There is a turn in this poem, but I don’t think it’s toward some making-something-of-it-all. I think, rather explicitly, that this poem turns away from sense making. Klink writes of some world “free of constancy,” which is a world full of complexity, contradiction, a world no longer dependable by any easily assessed metric. “This is not a natural world,” Klink writes, not a world where birds offer “solace,” and most certainly a world of “false springs.” It is a world where the common axioms no longer hold meaning, where there is no trust “that to make an end is to make a beginning.”
This world sounds familiar, doesn’t it? A world where what is expected does not always happen, a world that has begun to cultivate a sense of harbored distrust, uneasiness. A world where what things are true are not always accepted as true, and a world where the weight of such things grows even heavier by the day. This, in some or even many ways, has always been the world. That is what power does: it cultivates its own truth. It is our world now, not for better or worse, but most certainly — and this is true — for worse.

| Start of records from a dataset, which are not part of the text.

(* The statement holds for every sample path; only the cadlag property of X
   and the shape of the arrival times are used.  Between observation times,
   the injection started from level u is the reflection [max 0 (M - u)] of the
   running supremum M of the negative increments of the path; for u' <= u the
   difference [max 0 (M - u) - max 0 (M - u')] lies in [[-(u - u'), 0]] and is
   non-increasing in M.  At an observation time the pre-dividend surplus p is
   split into [min p a] and [max (p - a) 0], whose differences add up to the
   difference of the p's.  Hence [dU + dL - dR] is conserved and equals eps,
   while dU and dR can only decrease and dL only increase.  Cadlag paths are
   bounded on segments, so all the suprema involved are finite. *)
From HB Require Import structures.
From mathcomp Require Import all_boot all_order all_algebra.
From mathcomp Require Import all_classical all_reals all_analysis.
From mathcomp Require Import lra.
Import Order.TTheory GRing.Theory Num.Theory.
Import numFieldNormedType.Exports.
Local Open Scope classical_set_scope.
Local Open Scope ring_scope.

Section RealFacts.
Variable R : realType.
Set Implicit Arguments. Unset Strict Implicit.

Lemma sup_addr (g : R -> R) (I : set R) (c : R) :
  I !=set0 -> has_ubound (g @` I) ->
  sup ((fun s => g s + c) @` I) = sup (g @` I) + c.
Proof.
move=> [s0 Is0] ubg.
have supg : has_sup (g @` I) by split => //; exists (g s0), s0.
have le_supg s : I s -> g s <= sup (g @` I).
  by move=> Is; apply: sup_upper_bound => //; exists s.
have supgc : has_sup ((fun s => g s + c) @` I).
  split; first by exists (g s0 + c), s0.
  by exists (sup (g @` I) + c) => _ [s Is <-]; rewrite lerD2r le_supg.
apply/le_anti/andP; split.
- by apply: ge_sup => [|_ [s Is <-]]; [case: supgc | rewrite lerD2r le_supg].
- rewrite -lerBrDr; apply: ge_sup => [|_ [s Is <-]]; first by case: supg.
  by rewrite lerBrDr; apply: sup_upper_bound => //; exists s.
Qed.

Lemma max_cases (p q : R) :
  (Num.max p q = q /\ p <= q) \/ (Num.max p q = p /\ q <= p).
Proof. by case: (leP p q) => h; [left | right; split => //; exact: ltW]. Qed.

Lemma min_cases (p q : R) :
  (Num.min p q = p /\ p <= q) \/ (Num.min p q = q /\ q <= p).
Proof. by case: (leP p q) => h; [left | right; split => //; exact: ltW]. Qed.

Local Ltac case_minmax := repeat match goal with
  | |- context [Num.max ?p ?q] =>
      let h := fresh in have [[-> h] | [-> h]] := max_cases p q
  | |- context [Num.min ?p ?q] =>
      let h := fresh in have [[-> h] | [-> h]] := min_cases p q
  end.

Lemma le_max0 (z : R) : z <= Num.max 0 z.
Proof. by rewrite le_max lexx orbT. Qed.

Lemma reflect_diff_bounds (u u' M : R) : u' <= u ->
  - (u - u') <= Num.max 0 (M - u) - Num.max 0 (M - u') <= 0.
Proof. by move=> ?; case_minmax; apply/andP; split; lra. Qed.

Lemma reflect_diff_nonincr (u u' M1 M2 : R) : u' <= u -> M1 <= M2 ->
  Num.max 0 (M2 - u) - Num.max 0 (M2 - u')
  <= Num.max 0 (M1 - u) - Num.max 0 (M1 - u').
Proof. by move=> ? ?; case_minmax; lra. Qed.

Lemma barrier_split (a p p' : R) : 0 <= a -> 0 <= p' -> p' <= p ->
  [/\ 0 <= Num.min p' a, Num.min p' a <= Num.min p a,
      Num.max (p' - a) 0 <= Num.max (p - a) 0 &
      (Num.min p a - Num.min p' a) + (Num.max (p - a) 0 - Num.max (p' - a) 0)
      = p - p'].
Proof. by move=> ? ? ?; case_minmax; split; lra. Qed.

Lemma cadlag_locally_bounded (f : R -> R) (t : R) :
  f s @[s --> at_right t] --> f t -> cvg (f s @[s --> at_left t]) ->
  exists B, \forall s \near t, `|f s| <= B.
Proof.
move=> ft_right fl_left; set l := lim (f s @[s --> at_left t]).
have near_right : \forall s \near t, t < s -> `|f t - f s| < 1.
  by have : \forall s \near at_right t, `|f t - f s| < 1 by exact: cvgr_dist_lt.
have near_left : \forall s \near t, s < t -> `|l - f s| < 1.
  by have : \forall s \near at_left t, `|l - f s| < 1 by exact: cvgr_dist_lt.
exists (Num.max (`|f t| + 1) (`|l| + 1)); near=> s; rewrite le_max.
have [st|ts|->] := ltgtP s t.
- have close : `|l - f s| < 1 by move: st; near: s.
  have tri : `|f s| <= `|f s - l| + `|l|.
    by rewrite -{1}(subrK l (f s)) ler_normD.
  by rewrite distrC in close; apply/orP; right; lra.
- have close : `|f t - f s| < 1 by move: ts; near: s.
  have tri : `|f s| <= `|f s - f t| + `|f t|.
    by rewrite -{1}(subrK (f t) (f s)) ler_normD.
  by rewrite distrC in close; apply/orP; left; lra.
- by rewrite lerDl ler01.
Unshelve. all: end_near.
Qed.
Lemma abel_identity_inv A c :
  abel_poly (fun I => tsum I ^ (#|I|%:Z - 2)) A c
  = (\sum_(i in A) (t i)^-1) *: ('X + (c + tsum A)%:P) ^+ #|A|.-1
    - 'C(#|A|, 2)%:R *: ('X + (c + tsum A)%:P) ^+ #|A|.-2.
Proof.
rewrite (@abel_poly_eq _ (fun A => (\sum_(i in A) (t i)^-1) *: 'X^(#|A|.-1)
                                     - 'C(#|A|, 2)%:R *: 'X^(#|A|.-2) : {poly R}))
  => [|{}A|{}A].
- by rewrite comp_polyB !comp_polyZ !rmorphXn /= comp_polyX.
- rewrite (eq_bigr (fun j => (\sum_(i in A :\ j) (t i)^-1) *: 'X^(#|A|.-2)
                         - 'C(#|A|.-1, 2)%:R *: 'X^(#|A|.-2.-1))) => [|j jA]; last first.
    by rewrite (cardsD1 j A) jA.
  rewrite sumrB -scaler_suml sum_sum_setD1 sumr_const derivB !derivZ !derivXn.
  rewrite -!scalerMnr !scalerMnl -!mulrnA; congr (_ - (_ *+ _) *: _).
  by rewrite mulnC -subn2 -mul_bin_down mulnC.
rewrite hornerD hornerN !hornerZ !hornerXn; have [->|A_neq0] := eqVneq A set0.
  by rewrite cards0 big_set0 !mul0r subrr big_pred0 // => I; rewrite subset0 andbN.
have [/eqP/cards1P[a ->]|card_neq1] := eqVneq #|A| 1%N.
  rewrite cards1 big_set1 (big_pred1 [set a]) => [|I]; last first.
    rewrite subset1 /=; case: eqP => [->|_] /=; first by rewrite -card_gt0 cards1.
    by case: (I == set0).
  by rewrite setDv cards0 cards1 big_set1 expr0 mulr1 mul0r subr0 exprN1.
have le2A : (2 <= #|A|)%N by move: A_neq0; rewrite -card_gt0; lia.
rewrite nonempty_subset_sum_powz // => [|I _ I_neq0]; last exact: tsum_neq0_or_card.
case: #|A| le2A => [|[|n]] //= _.
by case: n => [|n]; rewrite ?expr0n /= ?binn ?mulr0 ?subrr ?oppr0 //; ring.
Qed.

End AbelIdentities.

Section Bipartitions.

Variables (R : numFieldType) (T : finType) (t : T -> R).
Hypothesis t_neq0 : forall i, t i != 0.
Local Notation tsum I := (\sum_(i in I) t i).

Definition bisum (a b : nat) : R :=
  \sum_(I : {set T} | (I != set0) && (I != setT))
     tsum I ^ (#|I|%:Z - a%:Z) * tsum (~: I) ^ (#|~: I|%:Z - b%:Z).

Lemma bisumC a b : bisum a b = bisum b a.
Proof.
rewrite /bisum (reindex_inj (@setC_inj T)) /=; apply: eq_big => [I|I _].
  by rewrite -[in X in X && _]setCT -[in X in _ && X]setC0 !(inj_eq (@setC_inj T)) andbC.
by rewrite setCK mulrC.
Qed.

Lemma bisum_rec a b : (a <= 1)%N -> (b <= 1)%N ->
  tsum [set: T] * bisum a.+1 b.+1 = bisum a b.+1 + bisum a.+1 b.
Proof.
move=> le_a1 le_b1; rewrite /bisum mulr_sumr -big_split /=.
apply: eq_bigr => I /andP[I_neq0 I_neqT].
have IC_neq0 : ~: I != set0 by rewrite -setCT (inj_eq (@setC_inj T)).
have shift (x : R) (n e : nat) : (x != 0) || (e.+1 <= n)%N ->
    x ^ (n%:Z - e.+1%:Z) * x = x ^ (n%:Z - e%:Z).
  by move=> x_ok; rewrite -{2}(expr1 x) expfz_subn_mulXn //; congr (x ^ _); lia.
rewrite (tsum_subset t (subsetT I)) setTD mulrDl.
rewrite -(shift (tsum I) #|I| a) -?(shift (tsum (~: I)) #|~: I| b)
  ?tsum_neq0_or_card //; ring.
Qed.

Lemma bisum0E a : bisum a 0 =
  \sum_(I : {set T} | (I != set0) && (I != setT)) tsum I ^ (#|I|%:Z - a%:Z) * tsum (~: I) ^+ #|~: I|.
Proof. by apply: eq_bigr => I _; rewrite subr0. Qed.

Lemma bisum22_eq :
  tsum [set: T] ^+ 3 * bisum 2 2 = 4 * bisum 1 0 + 2 * tsum [set: T] * bisum 2 0.
Proof.
have P11 : tsum [set: T] * bisum 1 1 = 2 * bisum 1 0.
  by rewrite bisum_rec // bisumC; ring.
have P21 : tsum [set: T] * bisum 2 1 = bisum 1 1 + bisum 2 0 by rewrite bisum_rec.
have P22 : tsum [set: T] * bisum 2 2 = 2 * bisum 2 1.
  by rewrite bisum_rec // [bisum 1 2]bisumC; ring.
transitivity (tsum [set: T] ^+ 2 * (tsum [set: T] * bisum 2 2)); first by ring.
rewrite P22; transitivity (2 * (tsum [set: T] * (tsum [set: T] * bisum 2 1))); first by ring.
by rewrite P21 mulrDr P11; ring.
Qed.

Lemma bisum10_eq : (0 < #|T|)%N ->
  bisum 1 0 = (#|T|.-1)%:R * tsum [set: T] ^+ #|T|.-1.
Proof.
move=> T_gt0; have T_neq0 : [set: T] != set0 by rewrite -card_gt0 cardsT.
have := congr1 (horner^~ 0) (abel_identity_card t [set: T] 0).
rewrite horner0_abel_poly_setT //= hornerZ horner_exp hornerD hornerX hornerC !add0r cardsT.
rewrite -(bisum0E 1) subzn // subn1; case: #|T| T_gt0 => // k _ /=.
by rewrite -exprnP => /(canRL (addKr _)) ->; ring.
Qed.

Lemma bisum20_eq : (2 <= #|T|)%N ->
  bisum 2 0 = tsum [set: T] ^+ #|T|.-1 * \sum_i (t i)^-1
              - ('C(#|T|, 2)%:R + 1) * tsum [set: T] ^+ #|T|.-2.
Proof.
move=> le2T; have T_neq0 : [set: T] != set0 by rewrite -card_gt0 cardsT (ltnW le2T).
have := congr1 (horner^~ 0) (abel_identity_inv t_neq0 [set: T] 0).
rewrite horner0_abel_poly_setT //= hornerD hornerN !hornerZ !horner_exp hornerD hornerX.
rewrite hornerC !add0r cardsT (eq_bigl _ (fun i => (t i)^-1) (fun i => in_setT i)).
rewrite -(bisum0E 2) subzn // subn2 -exprnP => /(canRL (addKr _)) ->.
by rewrite mulrC; ring.
Qed.
Lemma linked_long_path D L : linked D -> M < L -> (forall s, L <= #|part D s|) ->
  exists T : seq V, [/\ {subset T <= D}, uniq T, sorted adj T & L <= 2 * M + size T].
Proof.
move=> lD ML bigD.
have inv0 : dfs_inv D set0 [::].
  by split=> //; rewrite ?sub0set // => x y; rewrite inE.
have small0 s : #|part set0 s| <= M by rewrite /part set0I cards0.
have [S [T [s [[sSD sTD uT TnS pT cS] small big]]]] :=
  dfs_run (fun s => leq_trans ML (bigD s)) inv0 small0.
exists T; split=> //.
set Y := part (unvisited D S T) (~~ s).
have ltY : #|Y| < M.
  rewrite ltnNge; apply/negP => geY.
  have [|x [y [xS yY xy]]] := lD s (part S s) Y (partS s sSD) _ big geY.
    by apply/subsetP => y; rewrite !inE => /andP[/andP[->]].
  move: xS yY; rewrite !inE => /andP[xS _] /andP[/and3P[yD /negbTE yS /negbTE yT] _].
  by have := cS x y xS yD xy; rewrite yS yT.
have cT : #|[set x in T]| <= size T by rewrite cardsE card_size.
have : part D (~~ s) \subset part S (~~ s) :|: ([set x in T] :|: Y).
  apply/subsetP => z; rewrite /Y !inE => /andP[zD ->]; rewrite zD !andbT.
  by case: (z \in S); case: (z \in T).
move/card_le_setU; have := card_le_setU (subxx ([set x in T] :|: Y)).
have := bigD (~~ s); have := small (~~ s); lia.
Qed.
(* Let $\mathcal{I}$ and $\mathcal{J}$ be isomorphic sharp interval systems. For every hypergraph isomorphism $\psi$ from $\mathcal{I}$ to $\mathcal{J}$ there is a hypergraph isomorphism $\psi'$ from $\mathcal{I}$ to $\mathcal{J}$ such that $\psi'(A)=\psi(A)$ for all $A\in\mathcal{I}$ and, moreover, $\psi'$ maps the two extreme points of each interval $A\in\mathcal{I}$ onto the two extreme points of the interval $\psi(A)\in\mathcal{J}$.
   Context: An interval system is a hypergraph whose vertex set is $\{1,\dots,N\}$ and whose hyperedges are intervals of consecutive integers $[a,b]=\{a,a+1,\dots,b\}$; the extreme points of $[a,b]$ are $a$ and $b$. An interval system with $m$ intervals is sharp if $N=2m$ and the $2m$ extreme points of its intervals are pairwise distinct (so every point is the start or the end point of exactly one interval). A hypergraph isomorphism from $\mathcal{I}$ to $\mathcal{J}$ is a bijection between their vertex sets mapping the set of hyperedges of $\mathcal{I}$ onto that of $\mathcal{J}$. *)

(* Vertex set {1,...,N} is represented by 'I_N = {0,...,N-1}
   (shift by one, order preserved). *)
From mathcomp Require Import all_boot.
Set Implicit Arguments. Unset Strict Implicit. Unset Printing Implicit Defensive.

Definition interval_of (N : nat) (a b : 'I_N) : {set 'I_N} :=
  [set x : 'I_N | (a <= x <= b)%N].

Definition is_interval (N : nat) (A : {set 'I_N}) : Prop :=
  exists a b : 'I_N, (a <= b)%N /\ A = interval_of a b.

I don’t think Klink offers an answer, nor do I think it is the job of a poet to offer an answer. Rather, Klink gestures toward bewilderment (“bewildered kinship,” she writes). And perhaps that is a job of a poet — to gesture toward bewilderment and wonder what lives there, or how to live there. And Klink does assert something about how to live here, where bewilderment is. She writes:
Take my hand, if only here and not in the time
that remains for us to spend together.
For Klink, what is elemental is the present tense. It is not the time remaining or the time past but the time now. It is to be with the ones you love in the moment that you love them. It is to know at least that certainty — “where you are and what you care for” — while so much else is uncertain. That is the elemental, the essential.
I think so often that we — myself included in that vast collective we — have a desire to classify poems (and other writing) in terms of what they offer us. We say poems are hopeful, or necessary, or vital. I will switch to the “I” to say that — when I do this — this is because I am seeking a way out. I am seeking sense made for me. I understand this impulse in myself and also do not like this impulse in myself. So often it feels like one must be either hopeful or cynical, as if one cannot be both, as if one cannot live in between — with both and with so much more. Today’s poem is an example of this complexity. It is both cynical and awash with love. It is a student of emptiness and fullness. This is to say: it lives.
Perhaps my favorite example of this kind of complexity is in another Linda Gregg poem, “New York Address.” In it, she writes:
Yes I hate dark. No I love light. Yes I won’t speak.
No I will write. Yes I will breed. No I won’t love.
Yes I will bless. No I won’t close. Yes I won’t give.
There is our world, full of yes and no, full of decisions we make that move with and turn against decisions we also make, and have made, and will make. There is no answer, I think, for complexity, for bewilderment. To look at all of it and attempt to solve it, to render it easy, is so utterly human and so understandable and yet will almost certainly render some false positive. The world often trains us to solve our lives. To use whole numbers. To round up. But what if what is essential leaves you speechless? Even in math, some numbers are irrational. I am learning to love them.